Фауст очень чётко представил себе свою любимую кофейню «Тень у дуба» перед тем, как открыть входную дверь. Он сделал шаг за порог – и сразу всё вокруг исчезло. Он стоял в абсолютной пустоте, подобной той, что видел во сне, но без камней и нитей. Просто белая бесконечность.
Это место называется Шор. Оно играло роль перехода в любое место для Скакуна и работало как «кротовая нора». В нём всегда было очень одиноко. Странная магия этого пространства никогда не позволяла видеть других Скакунов: даже если кто-то совершает скачок с товарищем, в Шоре он всегда будет один. Поэтому Фауст в нём никогда не задерживался. Хотя фактически время в Шоре не шло.
Он в ту же секунду появился в кофейне, выйдя из двери на небольшой склад. Очертания при скачке всегда вырисовывались постепенно, словно Шор – это лист бумаги, на котором незримый художник рисует картину: сначала наброски, прямые линии, тени… и в конце – реалистичное изображение места, куда прибыл Скакун.
Кофейня «Тень у дуба» была небольшой, но уютной. Весь интерьер был из природных материалов: камня, дерева и железа. Свет – исключительно тёплый и приглушённый, отчего кофейня напоминала пещеру, несмотря на панорамные окна. Играла спокойная и ритмичная музыка, которая никогда не находила отклик в душе Фауста, но любовь к этому месту заставляла принимать и её. Запах свежемолотого кофе и выпечки ударил в нос.

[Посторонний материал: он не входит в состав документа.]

(* Let $L=dN$ with integers $d\ge2$, $N\ge1$, and let $0<|z|<r_0$. Then the set $\mathcal L_z$ can be partitioned into $N$ subsets $\mathcal L_z^{(i)}$, $1\le i\le N$, each of $d-1$ elements, such that there is a map $M:\mathcal L_z\to\mathcal R_z$ with $M(u)=M(u')$ whenever $u,u'$ lie in the same subset $\mathcal L_z^{(i)}$, and $v=M(u)$ satisfies $v(v+1)^{d-1}=u(u+1)^{d-1}$.
   Context: $\rho=N/L=1/d$, $r_0=\rho^\rho(1-\rho)^{1-\rho}$. For $0<|z|<r_0$, the roots of $w^N(w+1)^{L-N}=z^L$ are simple and none has real part $-\rho$; $\mathcal L_z$ is the set of roots with real part $<-\rho$ and $\mathcal R_z$ the set with real part $>-\rho$. *)

From mathcomp Require Import all_boot all_order all_algebra.
From mathcomp Require Import all_classical all_reals all_analysis.
From mathcomp Require Import complex.
Set Implicit Arguments. Unset Strict Implicit. Unset Printing Implicit Defensive.
Import Order.TTheory GRing.Theory Num.Theory.
Local Open Scope ring_scope.

Section Defs.
Variable R : realType.

Definition rho (N L : nat) : R := N%:R / L%:R.

Definition r0 (N L : nat) : R :=
  (rho N L) `^ (rho N L) * (1 - rho N L) `^ (1 - rho N L).

Definition is_root_eq (N L : nat) (z w : R[i]) : Prop :=
  w ^+ N * (w + 1) ^+ (L - N) = z ^+ L.

Definition Lz (N L : nat) (z w : R[i]) : Prop :=
  is_root_eq N L z w /\ (@complex.Re R w) < - rho N L.

Definition Rz (N L : nat) (z w : R[i]) : Prop :=
  is_root_eq N L z w /\ - rho N L < @complex.Re R w.
End Defs.


(* Let f(w) = w (w+1)^(d-1) and rho = 1/d.  The root equation reads f(w)^N = z^(dN),
   so the roots are the solutions of f(w) = c for the N distinct N-th roots c of
   z^(dN), each of modulus |z|^d < r0^d = rho (1-rho)^(d-1).  On the line
   Re w = -rho we have |w| >= rho and |w+1| >= 1-rho, hence |f(w)| >= r0^d: no root
   lies on the line, and since the only critical points of f are -1 (where f = 0)
   and -rho, the d solutions of f(w) = c are simple.  Right of the line, f(w) = c has at most one
   solution, because w |-> c (w+1)^(1-d) is a contraction there, and at least one:
   -rho is a critical point, so the logarithmic derivative of f - c vanishes at -rho,
   whereas every term 1/(-rho - r) would have positive real part if all roots r lay
   left of the line.  Thus each c yields one class of d-1 points of L_z, all sent by
   M to the single point of R_z over c. *)

From mathcomp Require Import all_boot all_order all_algebra.
From mathcomp Require Import all_classical all_reals all_analysis.
From mathcomp Require Import complex separable.
From mathcomp Require Import ring.
Set Implicit Arguments. Unset Strict Implicit. Unset Printing Implicit Defensive.
Import Order.TTheory GRing.Theory Num.Theory.
Local Open Scope ring_scope.
Local Open Scope complex_scope.

Section RootsSeq.
Variable F : closedFieldType.
Implicit Types (p : {poly F}) (x : F).

Definition roots_seq p : seq F := sval (closed_field_poly_normal p).

Lemma roots_seqE p : p \is monic -> p = \prod_(r <- roots_seq p) ('X - r%:P).
Proof.
move=> /monicP p1; rewrite /roots_seq; case: closed_field_poly_normal => rs /=.
by rewrite p1 scale1r.
Qed.

Lemma size_roots_seq p : p \is monic -> size (roots_seq p) = (size p).-1.
Proof. by move=> /roots_seqE {2}->; rewrite size_prod_XsubC. Qed.

Lemma mem_roots_seq p x : p \is monic -> (x \in roots_seq p) = root p x.
Proof. by move=> /roots_seqE {2}->; rewrite root_prod_XsubC. Qed.

Lemma uniq_roots_seq p : p \is monic ->
  (forall x, root p x -> p^`().[x] != 0) -> uniq (roots_seq p).
Proof.
move=> pm simple_roots; rewrite -separable_prod_XsubC -roots_seqE // unlock.
exact/Pdiv.ClosedField.coprimepP.
Qed.

End RootsSeq.

Section NthRoots.
Variables (F : numClosedFieldType) (m : nat) (a : F).

Lemma mem_roots_XnsubC x : (x \in roots_seq ('X^(m.+1) - a%:P)) = (x ^+ m.+1 == a).
Proof. by rewrite mem_roots_seq ?monicXnsubC // rootE !hornerE subr_eq0. Qed.

Lemma size_roots_XnsubC : size (roots_seq ('X^(m.+1) - a%:P)) = m.+1.
Proof. by rewrite size_roots_seq ?monicXnsubC // size_XnsubC. Qed.

Lemma uniq_roots_XnsubC : a != 0 -> uniq (roots_seq ('X^(m.+1) - a%:P)).
Proof.
move=> a0; apply: uniq_roots_seq; first exact: monicXnsubC.
move=> x; rewrite rootE !hornerE subr_eq0 => /eqP xa.
rewrite derivB derivC subr0 derivXn hornerMn hornerXn mulrn_eq0 negb_or expf_eq0 /=.
by apply/negP => /andP[_ /eqP x0]; move: a0; rewrite -xa x0 expr0n eqxx.
Qed.

End NthRoots.

Lemma horner_deriv_prod_XsubC (F : fieldType) (s : seq F) (a : F) : a \notin s ->
  (\prod_(r <- s) ('X - r%:P))^`().[a] =
  (\prod_(r <- s) ('X - r%:P)).[a] * \sum_(r <- s) (a - r)^-1.
Proof.
elim: s => [|x s IH]; first by rewrite !big_nil derivC !hornerC mulr0.
rewrite inE negb_or => /andP[ax /IH {}IH].
have ax0 : a - x != 0 by rewrite subr_eq0.
rewrite !big_cons derivM derivXsubC mul1r !hornerE IH mulrDr mulrA.
by congr (_ + _); rewrite mulrC mulKf.
Qed.

Lemma sumr_seq_gt0 (C : numDomainType) (T : eqType) (s : seq T) (f : T -> C) :
  s != [::] -> {in s, forall x, 0 < f x} -> 0 < \sum_(x <- s) f x.
Proof.
case: s => [//|x s] _ pos; rewrite big_cons.
apply: (lt_le_trans (pos x (mem_head x s))); rewrite lerDl big_seq sumr_ge0 // => y ys.
by apply/ltW/pos; rewrite inE ys orbT.
Qed.

Lemma ler_norm_subrXX (C : numDomainType) (x y B : C) (m : nat) :
  `|x| <= B -> `|y| <= B ->
  `|x ^+ m.+1 - y ^+ m.+1| <= `|x - y| * (B ^+ m *+ m.+1).
Proof.
move=> xB yB; have B0 : 0 <= B := le_trans (normr_ge0 x) xB.
rewrite subrXX normrM ler_wpM2l // -[X in _ *+ X]card_ord -sumr_const.
apply: le_trans (ler_norm_sum _ _ _) (ler_sum _ _) => i _.
rewrite normrM !normrX -[m in B ^+ m](subnK (leq_ord i)) exprD.
by apply: ler_pM; rewrite ?exprn_ge0 // lerXn2r // nnegrE.
Qed.

Lemma inord_index_eq (T : eqType) (m : nat) (s : seq T) (x x0 : T) (i : 'I_m.+1) :
  size s = m.+1 -> uniq s -> x \in s -> (inord (index x s) == i) = (x == nth x0 s i).
Proof.
move=> sz su xs; have ixs : (index x s < m.+1)%N by rewrite -sz index_mem.
apply/eqP/eqP => [<-|->]; first by rewrite inordK // nth_index.
by rewrite index_uniq ?sz // inord_val.
Qed.

Section ComplexRe.
Variable R : rcfType.
Implicit Types x : R[i].

Lemma Re_le_normc x : (complex.Re x)%:C <= `|x|.
Proof. by apply: le_trans (normc_ge_Re x); rewrite lecR ler_norm. Qed.

Lemma ReN_le_normc x : (- complex.Re x)%:C <= `|x|.
Proof. by apply: le_trans (normc_ge_Re x); rewrite lecR -normrN ler_norm. Qed.

Lemma Re_invc_gt0 x : 0 < complex.Re x -> 0 < complex.Re x^-1.
Proof.
case: x => a b /= a0; apply: divr_gt0 => //.
by rewrite ltr_wpDr ?sqr_ge0 ?exprn_gt0.
Qed.

End ComplexRe.

(* Here d = n.+2, so that rhod is rho = 1/d and Kd = r0 ^ d (lemma r0_expn). *)
Section Fibers.
Variables (R : realType) (n : nat).
Local Notation F := R[i].
Implicit Types (c w : F).

Definition rhod : R := (n.+2)%:R^-1.
Definition Kd : R := rhod * (1 - rhod) ^+ n.+1.
Definition fd w : F := w * (w + 1) ^+ n.+1.
Definition on_left : pred F := fun w => complex.Re w < - rhod.
Definition on_right : pred F := fun w => - rhod < complex.Re w.

Lemma rhod_gt0 : 0 < rhod.
Proof. by rewrite invr_gt0 ltr0n. Qed.

Lemma rhod_lt1 : rhod < 1.
Proof. by rewrite invf_lt1 ?ltr1n ?ltr0n. Qed.

Lemma Kd_expV : Kd * ((1 - rhod)^-1 ^+ n.+2 *+ n.+1) = 1.
Proof.
rewrite /Kd.
have n2 : (n.+2)%:R != 0 :> R by rewrite pnatr_eq0.
have -> : 1 - rhod = (n.+1)%:R / (n.+2)%:R by rewrite /rhod -natr1; field.
rewrite exprVn [_ ^+ n.+2]exprS /rhod -mulr_natr; field.
by rewrite nat1r -natrD !pnatr_eq0 addn_eq0 expf_neq0.
Qed.

Lemma fd_norm_ge w : complex.Re w = - rhod -> Kd%:C <= `|fd w|.
Proof.
move=> Rew; have rhod1 : 0 <= (1 - rhod)%:C by rewrite ler0c subr_ge0 ltW ?rhod_lt1.
rewrite /fd normrM normrX rmorphM rmorphXn /=.
apply: ler_pM.
- by rewrite ler0c ltW ?rhod_gt0.
- exact: exprn_ge0.
- by apply: (le_trans _ (ReN_le_normc w)); rewrite Rew opprK.
apply: lerXn2r; rewrite ?nnegrE //.
by apply: (le_trans _ (Re_le_normc (w + 1))); rewrite lecR raddfD /= Rew addrC.
Qed.

Lemma norm_addr1_gt w : on_right w -> (1 - rhod)%:C < `|w + 1|.
Proof.
move=> rw; apply: (lt_le_trans _ (Re_le_normc (w + 1))).
by rewrite ltcR raddfD /= [_ + 1]addrC ltrD2l.
Qed.

Lemma addr1_neq0 w : on_right w -> w + 1 != 0.
Proof.
move=> /norm_addr1_gt; rewrite -normr_gt0; apply: le_lt_trans.
by rewrite ler0c subr_ge0 ltW ?rhod_lt1.
Qed.

Lemma normV_addr1_lt w : on_right w -> `|(w + 1)^-1| < ((1 - rhod)^-1)%:C.
Proof.
move=> rw; have rhod1 : 0 < (1 - rhod)%:C by rewrite ltcR subr_gt0 rhod_lt1.
rewrite normrV ?unitfE ?addr1_neq0 // fmorphV ltf_pV2 ?posrE ?norm_addr1_gt //.
by rewrite normr_gt0 addr1_neq0.
Qed.
(* Let $\mathrm{st}(x_1,\dots,x_n)$ be the monoid of $K$-algebra endomorphisms $g$ of $\mathbb{S}_n$ with $g(x_i)=x_i$ for all $i$. Then $\mathrm{st}(x_1,\dots,x_n)$ is an abelian monoid, each non-identity element of it is an injective endomorphism of $\mathbb{S}_n$ that is not an automorphism, and it consists precisely of the endomorphisms $\sigma_p$ given by $\sigma_p(x_i)=x_i$, $\sigma_p(y_i)=y_i+p_i(1-x_iy_i)$ ($i=1,\dots,n$), where $p=(p_1,\dots,p_n)\in K[x_1,\dots,x_n]^n$ ranges over the $n$-tuples satisfying, for every pair $i\ne j$, $$-x_j^{-1}(p_i-p_{i,j})+x_i^{-1}(p_j-p_{j,i})+p_ip_{j,i}-p_jp_{i,j}=0,\qquad p_{i,j}:=p_i|_{x_j=0}$$ (here $x_j^{-1}(p_i-p_{i,j})$ denotes the polynomial quotient).
   Context: $K$ is a field of characteristic zero. $\mathbb{S}_n$ is the $K$-algebra generated by $x_1,\dots,x_n,y_1,\dots,y_n$ with defining relations $y_ix_i=1$ and $[x_i,y_j]=[x_i,x_j]=[y_i,y_j]=0$ for $i\ne j$; $K[x_1,\dots,x_n]$ is the subalgebra generated by the $x_i$ (a polynomial algebra). *)

From HB Require Import structures.
From mathcomp Require Import all_boot all_order all_algebra.
Set Implicit Arguments. Unset Strict Implicit. Unset Printing Implicit Defensive.
Import Order.TTheory GRing.Theory Num.Theory.
Local Open Scope ring_scope.

(* Polynomial ring K[x_0,...,x_{n-1}] as iterated univariate polynomials:
   mpoly K (m+1) = (mpoly K m)[x_m]. *)
Fixpoint mpoly (K : comNzRingType) (n : nat) : comNzRingType :=
  match n with
  | 0 => K
  | m.+1 => {poly (mpoly K m)}
  end.

Fixpoint mvar (K : comNzRingType) (n : nat) (i : nat) : mpoly K n :=
  match n return mpoly K n with
  | 0 => 0
  | m.+1 => if i == m then 'X else (@mvar K m i)%:P
  end.

Fixpoint msubst0 (K : comNzRingType) (n : nat) (j : nat) : mpoly K n -> mpoly K n :=
  match n return mpoly K n -> mpoly K n with
  | 0 => fun c => c
  | m.+1 => fun p : {poly mpoly K m} =>
      if j == m then (p`_0)%:P else map_poly (@msubst0 K m j) p
  end.

(* polynomial quotient by x_j (drops the monomials not divisible by x_j,
   and divides the others by x_j) *)
Fixpoint mdivX (K : comNzRingType) (n : nat) (j : nat) : mpoly K n -> mpoly K n :=
  match n return mpoly K n -> mpoly K n with
  | 0 => fun c => c
  | m.+1 => fun p : {poly mpoly K m} =>
      if j == m then drop_poly 1 p else map_poly (@mdivX K m j) p
  end.

Fixpoint meval (K : comNzRingType) (A : lalgType K) (f : nat -> A) (n : nat)
  : mpoly K n -> A :=
  match n return mpoly K n -> A with
  | 0 => fun c => c%:A
  | m.+1 => fun p : {poly mpoly K m} =>
      \sum_(k < size p) meval f (p`_k) * f m ^+ k
  end.

Definition ext (A : nzRingType) (n : nat) (x : 'I_n -> A) : nat -> A :=
  fun k => oapp x 0 (insub k).

Definition is_alg_hom (K : nzRingType) (A B : algType K) (f : A -> B) : Prop :=
  [/\ {morph f : u v / u + v}, {morph f : u v / u * v}, f 1 = 1
    & forall (a : K) (u : A), f (a *: u) = a *: f u].

Definition jacobson_rel (A : nzRingType) (n : nat) (x y : 'I_n -> A) : Prop :=
  (forall i, y i * x i = 1) /\
  (forall i j, i != j ->
     [/\ x i * y j = y j * x i, x i * x j = x j * x i & y i * y j = y j * y i]).

(* (A, x, y) is the K-algebra S_n presented by generators x_i, y_i and the
   relations above: universal property of the presentation. *)
Definition is_Sn (K : nzRingType) (A : algType K) (n : nat) (x y : 'I_n -> A) : Prop :=
  jacobson_rel x y /\
  forall (B : algType K) (xb yb : 'I_n -> B), jacobson_rel xb yb ->
    (exists f : A -> B, is_alg_hom f /\ forall i, f (x i) = xb i /\ f (y i) = yb i) /\
    (forall f g : A -> B, is_alg_hom f -> is_alg_hom g ->
       (forall i, f (x i) = g (x i) /\ f (y i) = g (y i)) -> forall a, f a = g a).

Definition admissible (K : comNzRingType) (n : nat) (p : 'I_n -> mpoly K n) : Prop :=
  forall i j : 'I_n, i != j ->
    - mdivX j (p i - msubst0 j (p i)) + mdivX i (p j - msubst0 i (p j))
    + p i * msubst0 i (p j) - p j * msubst0 j (p i) = 0.

From HB Require Import structures.
From mathcomp Require Import all_boot all_order all_algebra.
From mathcomp Require Import boolp ring.
Set Implicit Arguments. Unset Strict Implicit. Unset Printing Implicit Defensive.
Import Order.TTheory GRing.Theory Num.Theory.
Local Open Scope ring_scope.

(* S_n acts on K[x] = K[x_1, ..., x_n]: x_i by multiplication and y_i by the
   quotient by x_i.  Every element of S_n is a sum of terms a(x) y^s, and
   y^s lowers exponents of monomials, so this representation rho is faithful.
   In S_n, e_i = 1 - x_i y_i is an idempotent acting as the substitution
   x_i := 0.  Faithfulness shows that an element killed by x_i on the right
   and commuting with the other x_j is of the form p(x) e_i; applied to
   g(y_i) - y_i for g fixing the x_j, this gives g(y_i) = y_i + p_i e_i.
   The commutator of two such perturbed generators is Q_ij(p) e_i e_j, with
   Q_ij the admissibility expression: hence the p_i of g are admissible, and
   conversely admissible p define endomorphisms by the universal property.
   Composition is y_i + q e_i |-> y_i + (p_i + q - x_i p_i q) e_i, which is
   symmetric in p and q (commutativity) and, K[x] being a domain, can only be
   inverted when p = 0 (non-surjectivity).  Injectivity uses E = prod e_i,
   which acts on K[x] as "constant term": a kernel element c gives
   rho(c)(v) * g(E) = 0, while g(E) still has constant term 1. *)

(* Coefficientwise images of polynomials under a map that is only known to be
   additive (resp. multiplicative); the operations on K[x_0,...,x_{n-1}] below
   are defined by recursion on n, so they cannot carry morphism structures. *)
Section MapPolyMorph.
Variables (R S : nzRingType) (f : R -> S).
Hypotheses (f0 : f 0 = 0) (fD : {morph f : a b / a + b}).

Lemma map_poly_add (p q : {poly R}) :
  map_poly f (p + q) = map_poly f p + map_poly f q.
Proof. by apply/polyP=> k; rewrite coefD !coef_map_id0 // coefD fD. Qed.

Lemma map_poly_const (c : R) : map_poly f c%:P = (f c)%:P.
Proof. by apply/polyP=> k; rewrite coef_map_id0 // !coefC; case: (k == 0)%N. Qed.

Hypothesis fM : {morph f : a b / a * b}.

Lemma map_poly_mul (p q : {poly R}) :
  map_poly f (p * q) = map_poly f p * map_poly f q.
Proof.
apply/polyP=> k; rewrite coef_map_id0 // !coefM (big_morph f fD f0).
by apply: eq_bigr => i _; rewrite fM !coef_map_id0.
Qed.

End MapPolyMorph.

Section MultivariateToolkit.
Variable K : comNzRingType.

Fixpoint mconst (n : nat) (c : K) : mpoly K n :=
  match n return mpoly K n with 0 => c | m.+1 => (mconst m c)%:P end.

Lemma mconstD n a b : mconst n (a + b) = mconst n a + mconst n b.
Proof. by elim: n => //= m IH; rewrite IH polyCD. Qed.

Lemma mconstM n a b : mconst n (a * b) = mconst n a * mconst n b.
Proof. by elim: n => //= m IH; rewrite IH polyCM. Qed.

Lemma mconst1 n : mconst n 1 = 1.
Proof. by elim: n => //= m IH; rewrite IH. Qed.

Lemma mconst0 n : mconst n 0 = 0.
Proof. by elim: n => //= m IH; rewrite IH. Qed.

Lemma msubst0_0 n j : msubst0 j (0 : mpoly K n) = 0.
Proof.
elim: n => //= m IH; case: ifP => _; first by rewrite coef0.
by apply/polyP=> k; rewrite coef_map_id0 // !coef0 IH.
Qed.

Lemma msubst0D n j (u v : mpoly K n) :
  msubst0 j (u + v) = msubst0 j u + msubst0 j v.
Proof.
elim: n u v => //= m IH u v; case: ifP => _; first by rewrite coefD polyCD.
exact/map_poly_add/IH/msubst0_0.
Qed.

Lemma msubst0M n j (u v : mpoly K n) :
  msubst0 j (u * v) = msubst0 j u * msubst0 j v.
Proof.
elim: n u v => //= m IH u v; case: ifP => _; first by rewrite coef0M polyCM.
exact/map_poly_mul/IH/msubst0D/msubst0_0.
Qed.

Lemma msubst0_const n j c : msubst0 j (mconst n c) = mconst n c.
Proof.
elim: n => //= m IH; case: ifP => _; first by rewrite coefC.
by rewrite map_poly_const ?IH //; apply: msubst0_0.
Qed.

Lemma msubst0_1 n j : msubst0 j (1 : mpoly K n) = 1.
Proof. by rewrite -(mconst1 n) msubst0_const. Qed.

Lemma msubst0X n j (u : mpoly K n) k : msubst0 j (u ^+ k) = msubst0 j u ^+ k.
Proof. by elim: k => [|k IH]; rewrite ?expr0 ?msubst0_1 // !exprS msubst0M IH. Qed.

Lemma msubst0_var_neq n i j : i != j -> msubst0 j (mvar K n i) = mvar K n i.
Proof.
move=> ne; elim: n => //= m IH; case: (eqVneq j m) => [ejm|nm].
  case: ifP => [/eqP ei|_]; first by rewrite ei -ejm eqxx in ne.
  by rewrite coefC.
case: ifP => [/eqP im|_]; last by rewrite map_poly_const ?IH //; apply: msubst0_0.
apply/polyP=> k; rewrite coef_map_id0; last by apply: msubst0_0.
by rewrite !coefX; case: (k == 1)%N; rewrite ?msubst0_1 ?msubst0_0.
Qed.

Lemma mdivX0 n j : mdivX j (0 : mpoly K n) = 0.
Proof.
elim: n => //= m IH; case: ifP => _; first exact: drop_poly0r.
by apply/polyP=> k; rewrite coef_map_id0 // !coef0 IH.
Qed.

Lemma mdivXD n j (u v : mpoly K n) : mdivX j (u + v) = mdivX j u + mdivX j v.
Proof.
elim: n u v => //= m IH u v; case: ifP => _; first exact: drop_polyD.
exact/map_poly_add/IH/mdivX0.
Qed.

Lemma mdivXB n j (u v : mpoly K n) : mdivX j (u - v) = mdivX j u - mdivX j v.
Proof.
have mdivXN : mdivX j (- v) = - mdivX j v.
  by apply/eqP; rewrite -subr_eq0 opprK -mdivXD addNr mdivX0.
by rewrite mdivXD mdivXN.
Qed.

Lemma mdivX_var_eq n i (u : mpoly K n) : (i < n)%N -> mdivX i (mvar K n i * u) = u.
Proof.
elim: n u => //= m IH u; rewrite ltnS leq_eqVlt => /orP[/eqP ->|lt].
  by rewrite eqxx mulrC -['X]expr1 drop_polyMXn_id.
rewrite (ltn_eqF lt); apply/polyP=> k; rewrite coef_map_id0; last exact: mdivX0.
by rewrite coefCM IH.
Qed.

Lemma mdivX_var_neq n i j (u : mpoly K n) : i != j ->
  mdivX j (mvar K n i * u) = mvar K n i * mdivX j u.
Proof.
move=> ne; elim: n u => //= m IH u; case: (eqVneq j m) => [ejm|nm].
  have -> : (i == m) = false by apply/negbTE; rewrite -ejm.
  by apply/polyP=> k; rewrite coef_drop_poly !coefCM coef_drop_poly.
apply/polyP=> k; rewrite coef_map_id0; last exact: mdivX0.
case: ifP => _; last by rewrite !coefCM IH coef_map_id0 //; exact: mdivX0.
rewrite !coefXM; case: (k == 0)%N; first by rewrite mdivX0.
by rewrite coef_map_id0 //; exact: mdivX0.
Qed.

Lemma mdivX_const n j c (u : mpoly K n) :
  mdivX j (mconst n c * u) = mconst n c * mdivX j u.
Proof.
elim: n u => //= m IH u; case: ifP => _.
  by apply/polyP=> k; rewrite coef_drop_poly !coefCM coef_drop_poly.
apply/polyP=> k; rewrite coef_map_id0; last exact: mdivX0.
by rewrite !coefCM IH coef_map_id0 //; exact: mdivX0.
Qed.

Lemma mdivX_msubst0 n j (u : mpoly K n) : (j < n)%N -> mdivX j (msubst0 j u) = 0.
Proof.
elim: n u => //= m IH u; rewrite ltnS leq_eqVlt => /orP[/eqP ->|lt].
  by rewrite eqxx drop_poly_eq0 // size_polyC_leq1.
rewrite (ltn_eqF lt); apply/polyP=> k; rewrite coef_map_id0; last exact: mdivX0.
by rewrite coef_map_id0 ?IH ?coef0 //; exact: msubst0_0.
Qed.

Lemma mpoly_split n j (u : mpoly K n) : msubst0 j u + mvar K n j * mdivX j u = u.
Proof.
elim: n u => //= [u|m IH u]; first by rewrite mul0r addr0.
case: ifP => _.
  apply/polyP=> k; rewrite coefD coefC coefXM coef_drop_poly.
  by case: k => [|k]; rewrite ?addr0 ?add0r // addn1.
apply/polyP=> k; rewrite coefD coefCM !coef_map_id0 ?IH //.
  exact: mdivX0.
exact: msubst0_0.
Qed.

Lemma mdivX_comm n i j (u : mpoly K n) : mdivX i (mdivX j u) = mdivX j (mdivX i u).
Proof.
elim: n u => //= m IH u.
case: (eqVneq i m) => _; case: (eqVneq j m) => _ //;
  apply/polyP=> k; rewrite ?coef_drop_poly !coef_map_id0 ?coef_drop_poly ?IH //;
  exact: mdivX0.
Qed.

Fixpoint mcoef0 (n : nat) : mpoly K n -> K :=
  match n return mpoly K n -> K with
  | 0 => fun c => c
  | m.+1 => fun p : {poly mpoly K m} => mcoef0 (p`_0)
  end.

Lemma mcoef0B n (u v : mpoly K n) : mcoef0 (u - v) = mcoef0 u - mcoef0 v.
Proof. by elim: n u v => //= m IH u v; rewrite coefB IH. Qed.

Lemma mcoef0_const n c : mcoef0 (mconst n c) = c.
Proof. by elim: n => //= m IH; rewrite coefC. Qed.

Lemma mcoef0_varM n i (u : mpoly K n) : (i < n)%N -> mcoef0 (mvar K n i * u) = 0.
Proof.
elim: n u => //= m IH u; rewrite ltnS leq_eqVlt => /orP[/eqP ->|lt].
  by rewrite eqxx coefXM /= -(mconst0 m) mcoef0_const.
by rewrite (ltn_eqF lt) coefCM IH.
Qed.

Lemma mcoef0_msubst0 n j (u : mpoly K n) : mcoef0 (msubst0 j u) = mcoef0 u.
Proof.
elim: n u => //= m IH u; case: ifP => _; first by rewrite coefC.
by rewrite coef_map_id0 ?IH //; exact: msubst0_0.
Qed.

Lemma msubst0_fixed_const n (u : mpoly K n) :
  (forall j, (j < n)%N -> msubst0 j u = u) -> u = mconst n (mcoef0 u).
Proof.
elim: n u => //= m IH u fixu.
have u0 : u`_0 = mconst m (mcoef0 (u`_0)).
  apply: IH => j lt; have := fixu j (ltnW lt); rewrite /= (ltn_eqF lt) => uj.
  by rewrite -{2}uj coef_map_id0 //; exact: msubst0_0.
by have := fixu m (ltnSn m); rewrite /= eqxx -u0.
Qed.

Людей в помещении почти не было – как и всегда в ранние часы. В начале зала сидел его брат спиной к бару. Фауст узнал его по жёлтому осеннему плащу и копне вьющихся каштановых волос. Галилей сразу заметил звуки за спиной и коротким движением головы позвал Фауста.
Барная зона располагалась посреди помещения, и его сразу заметили друзья и коллеги – Макс и Крис. При их виде Фауст засиял. Он чувствовал себя дома в этом месте, и ему было важно это чувство. Единственное место, где тревоги его оставляли. Никто не был удивлён его «чудесному» появлению со склада: в «Тени у дуба» работали одни Скакуны, и для них это было обычным делом.
Коротко поздоровавшись, Фауст присоединился к брату за столиком.
– Когда-нибудь жизнь научит тебя вовремя просыпаться, – сказал Галилей и отпил кофе, хмуро глядя в окно.
На шее блеснул зелёный камень Скакуна. Под жёлтым плащом он носил чёрную майку и джинсы, а лицо у него всегда было сосредоточенное и напряжённое. Фауст знал, что он не любит это место и не понимал, почему Галилей продолжает сюда приходить.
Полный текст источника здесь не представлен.